Last night I was so excited to see PVRIS live. They are one of my favourite bands and I booked the tickets months ago, waited patiently, sometimes impatiently, for this night. This was meant to be an amazing evening, one to remember, and it was, but for all the wrong reasons.
Me and my partner arrived at the venue three quarters of an hour late. When I was younger, I would arrive hours early and queue up to be right at the front of the gig. Getting older, I’m much less patient now, can’t stand for as long (even though I’m only 23 – sometimes I feel so much older!) and so usually do my best to skip the support acts. That night we entered on the final song of the first support act, but we stood and listened to the second (and I must admit they were both pretty good and I may even check the second act out on YouTube.)
We first stood at the back of the venue and at my small height of 5ft 3, I could not see anything. Tom, being a whole foot taller than me was fine, which would have been great if it weren’t for the fact that I love PVRIS and Tom was only there for me. On both sides of the venue is a set of stairs and on one a girl was sat down looking out through the bars. Bingo, I’ll be able to see over her!
We walk up the stairs and I stand behind her and her dad (who is actually taking up three steps, whilst everyone else has one each to themselves,) and every now and again I move forwards a little for people to get up and down the stairs behind me.
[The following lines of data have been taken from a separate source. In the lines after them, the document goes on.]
(* For every composite positive integer $n$ the following are equivalent: (i) $n$ is a Gaussian Carmichael number; (ii) $\Lambda(n)$ divides $\mathcal{F}(n)$; (iii) for every prime divisor $p$ of $n$, $\mathcal{F}(p)$ divides $\mathcal{F}(n)$, and one of the following holds: (a) $n$ is odd and square-free; (b) $4\mid n$ and $n/4\in\{2,3,5\}$ or $n/4$ is not a prime.
   Context: For a positive integer $n$, $\mathcal{G}_n=\{a+bi\in\mathbb{Z}[i]/n\mathbb{Z}[i] : a^2+b^2\equiv 1\pmod n\}$ (a multiplicative group), and $\Lambda(n)$ is the exponent of $\mathcal{G}_n$. The function $\mathcal{F}$ is defined by $\mathcal{F}(n)=n-1$ if $n\equiv 1\pmod 4$, $\mathcal{F}(n)=n+1$ if $n\equiv 3 \pmod 4$, $\mathcal{F}(n)=n$ otherwise. A composite integer $n$ is a Gaussian Fermat pseudoprime to base $z\in\mathbb{Z}[i]$ if $\gcd(n,z\overline{z})=1$ and $(z/\overline{z})^{\mathcal{F}(n)}\equiv 1\pmod n$ in $\mathbb{Z}[i]/n\mathbb{Z}[i]$. A composite $n$ is a Gaussian Carmichael number if it is a Gaussian Fermat pseudoprime to base $z$ for every $z\in\mathbb{Z}[i]$ with $\gcd(n,z\overline{z})=1$. *)

(* Gaussian integers Z[i] are represented as pairs of ints
   (a, b) standing for a + b i; residues in Z[i]/nZ[i] are handled through
   componentwise congruence modulo n. *)
From HB Require Import structures.
From mathcomp Require Import all_boot all_order all_algebra.
From Stdlib Require Import ClassicalEpsilon.
Set Implicit Arguments. Unset Strict Implicit. Unset Printing Implicit Defensive.
Import Order.TTheory GRing.Theory Num.Theory.

Local Open Scope ring_scope.

Definition gauss := (int * int)%type.

Definition gone : gauss := (1, 0).
Definition gmul (z w : gauss) : gauss :=
  (z.1 * w.1 - z.2 * w.2, z.1 * w.2 + z.2 * w.1).
Definition gconj (z : gauss) : gauss := (z.1, - z.2).
Definition gnorm (z : gauss) : int := z.1 ^+ 2 + z.2 ^+ 2.
Definition gpow (z : gauss) (k : nat) : gauss := iter k (gmul z) gone.

Definition gcong (n : nat) (z w : gauss) : bool :=
  ((z.1 == w.1 %[mod n])%Z && (z.2 == w.2 %[mod n])%Z).

Definition inGn (n : nat) (g : gauss) : bool :=
  (gnorm g == 1 %[mod n])%Z.

(* Lambda(n): the exponent of G_n, i.e. the least m > 0 with g^m = 1
   for every g in G_n (chosen by epsilon; such m exists since G_n is finite). *)
Definition is_exponent_Gn (n m : nat) : Prop :=
  (0 < m)%N /\ (forall g, inGn n g -> gcong n (gpow g m) gone) /\
  (forall m', (0 < m')%N -> (forall g, inGn n g -> gcong n (gpow g m') gone) ->
              (m <= m')%N).

Definition Lambda (n : nat) : nat :=
  epsilon (inhabits 0%N) (is_exponent_Gn n).

Local Close Scope ring_scope.

Definition FF (n : nat) : nat :=
  if n %% 4 == 1 then n.-1 else if n %% 4 == 3 then n.+1 else n.

Definition composite (n : nat) : bool := (1 < n) && ~~ prime n.

(* (z / conj z)^F(n) = 1 in Z[i]/nZ[i]: w is the inverse of conj z mod n *)
Definition quot_pow_one (n : nat) (z : gauss) (k : nat) : Prop :=
  exists w : gauss, gcong n (gmul (gconj z) w) gone /\
                    gcong n (gpow (gmul z w) k) gone.

Definition gauss_fermat_psp (n : nat) (z : gauss) : Prop :=
  composite n /\ coprimez (n%:Z) (gnorm z) /\ quot_pow_one n z (FF n).

Definition gauss_carmichael (n : nat) : Prop :=
  composite n /\
  forall z : gauss, coprimez (n%:Z) (gnorm z) -> gauss_fermat_psp n z.

Definition squarefree_nat (n : nat) : bool :=
  [forall p : 'I_n.+1, prime p ==> ~~ (p ^ 2 %| n)].

From HB Require Import structures.
From mathcomp Require Import all_boot all_order all_algebra all_fingroup all_solvable all_field.
From mathcomp Require Import ring zify.
From Stdlib Require Import ClassicalEpsilon Classical Wf_nat.
Set Implicit Arguments. Unset Strict Implicit. Unset Printing Implicit Defensive.
Import GRing.Theory FinRing.Theory.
He turns and gives me a dirty look, but I ignore it. Then he accuses me of pushing him and I apologise even though I know I haven’t touched him. He starts to stick his ass out, slowly pushing my partner back. My partner is confused but, like me, ignores him. He’s just happy that I can see.
I stand and watch the support act, waiting for PVRIS to come on and all of a sudden the man turns and starts shouting at me angrily. I’m confused as first because I can hardly hear him over the music. He’s shouting “how dare you!” at me. He’s accusing me of trying to push in front of him and his daughter, which is unfair because they were there first. I’m not really sure why he thinks I’m trying to push in front of them when all I’ve done is stood behind them to be in the only untaken place where I can actually see the stage. I assure him that I am by no means trying to steal their place, but he just keeps shouting at me, repeating the same things over and over again, pushing his body further and further back to budge us away again.
Tom is shaking with anger at this point and I try to calm the man down before Tom loses it, but he just won’t give up and keeps telling me off for something I haven’t done. Tom can’t take it any longer and loses his cool with the man. He says that we paid to go to this gig and so it’s only fair that I can actually see it and the man argues back that he paid too and he was here first. Now, I don’t really know what this man was expecting. I don’t really know if he’s aware of the lack of personal space you get at a gig, or if he’s just picking a fight and thinks I’m an easy target, because the second Tom gets involved he keeps telling Tom to “chill.”
I have to physically step in and get Tom to calm down, even though I’m shaking with anger myself and the man is turning it on us by saying it’s us who need to calm down. I’m not sure how far this would have escalated, if it not for the fact I took Tom and moved to another part of the stairs, behind another girl who was sitting so that I could see. It didn’t stop the man giving us dirty looks through the whole gig though.
To top it all of, while in my new place on the stairs, I sat down during a break between moving one band’s gear off the stage and replacing it with the second band’s instruments and I managed to get punched in the face. Not the old man luckily, or I think Tom may have gone into full on attack mode, but a random guy walking past who apologised straight away. He did knock my glasses off though, which fell down the stairs and annoyingly landed right at the other man’s feet. I made Tom go and get my glasses, as there was no way I was going near him again.
Turned out it wasn’t just me though, as another really short girl couldn’t see either and so she made her way up the stairs and behind the man’s daughter to look past her at the gig too. He didn’t start an argument with her, but once again he started pushing his ass out as far as he could to the point she was back against the banisters and ended up having to walk back down the steps and to a place where she couldn’t see anything.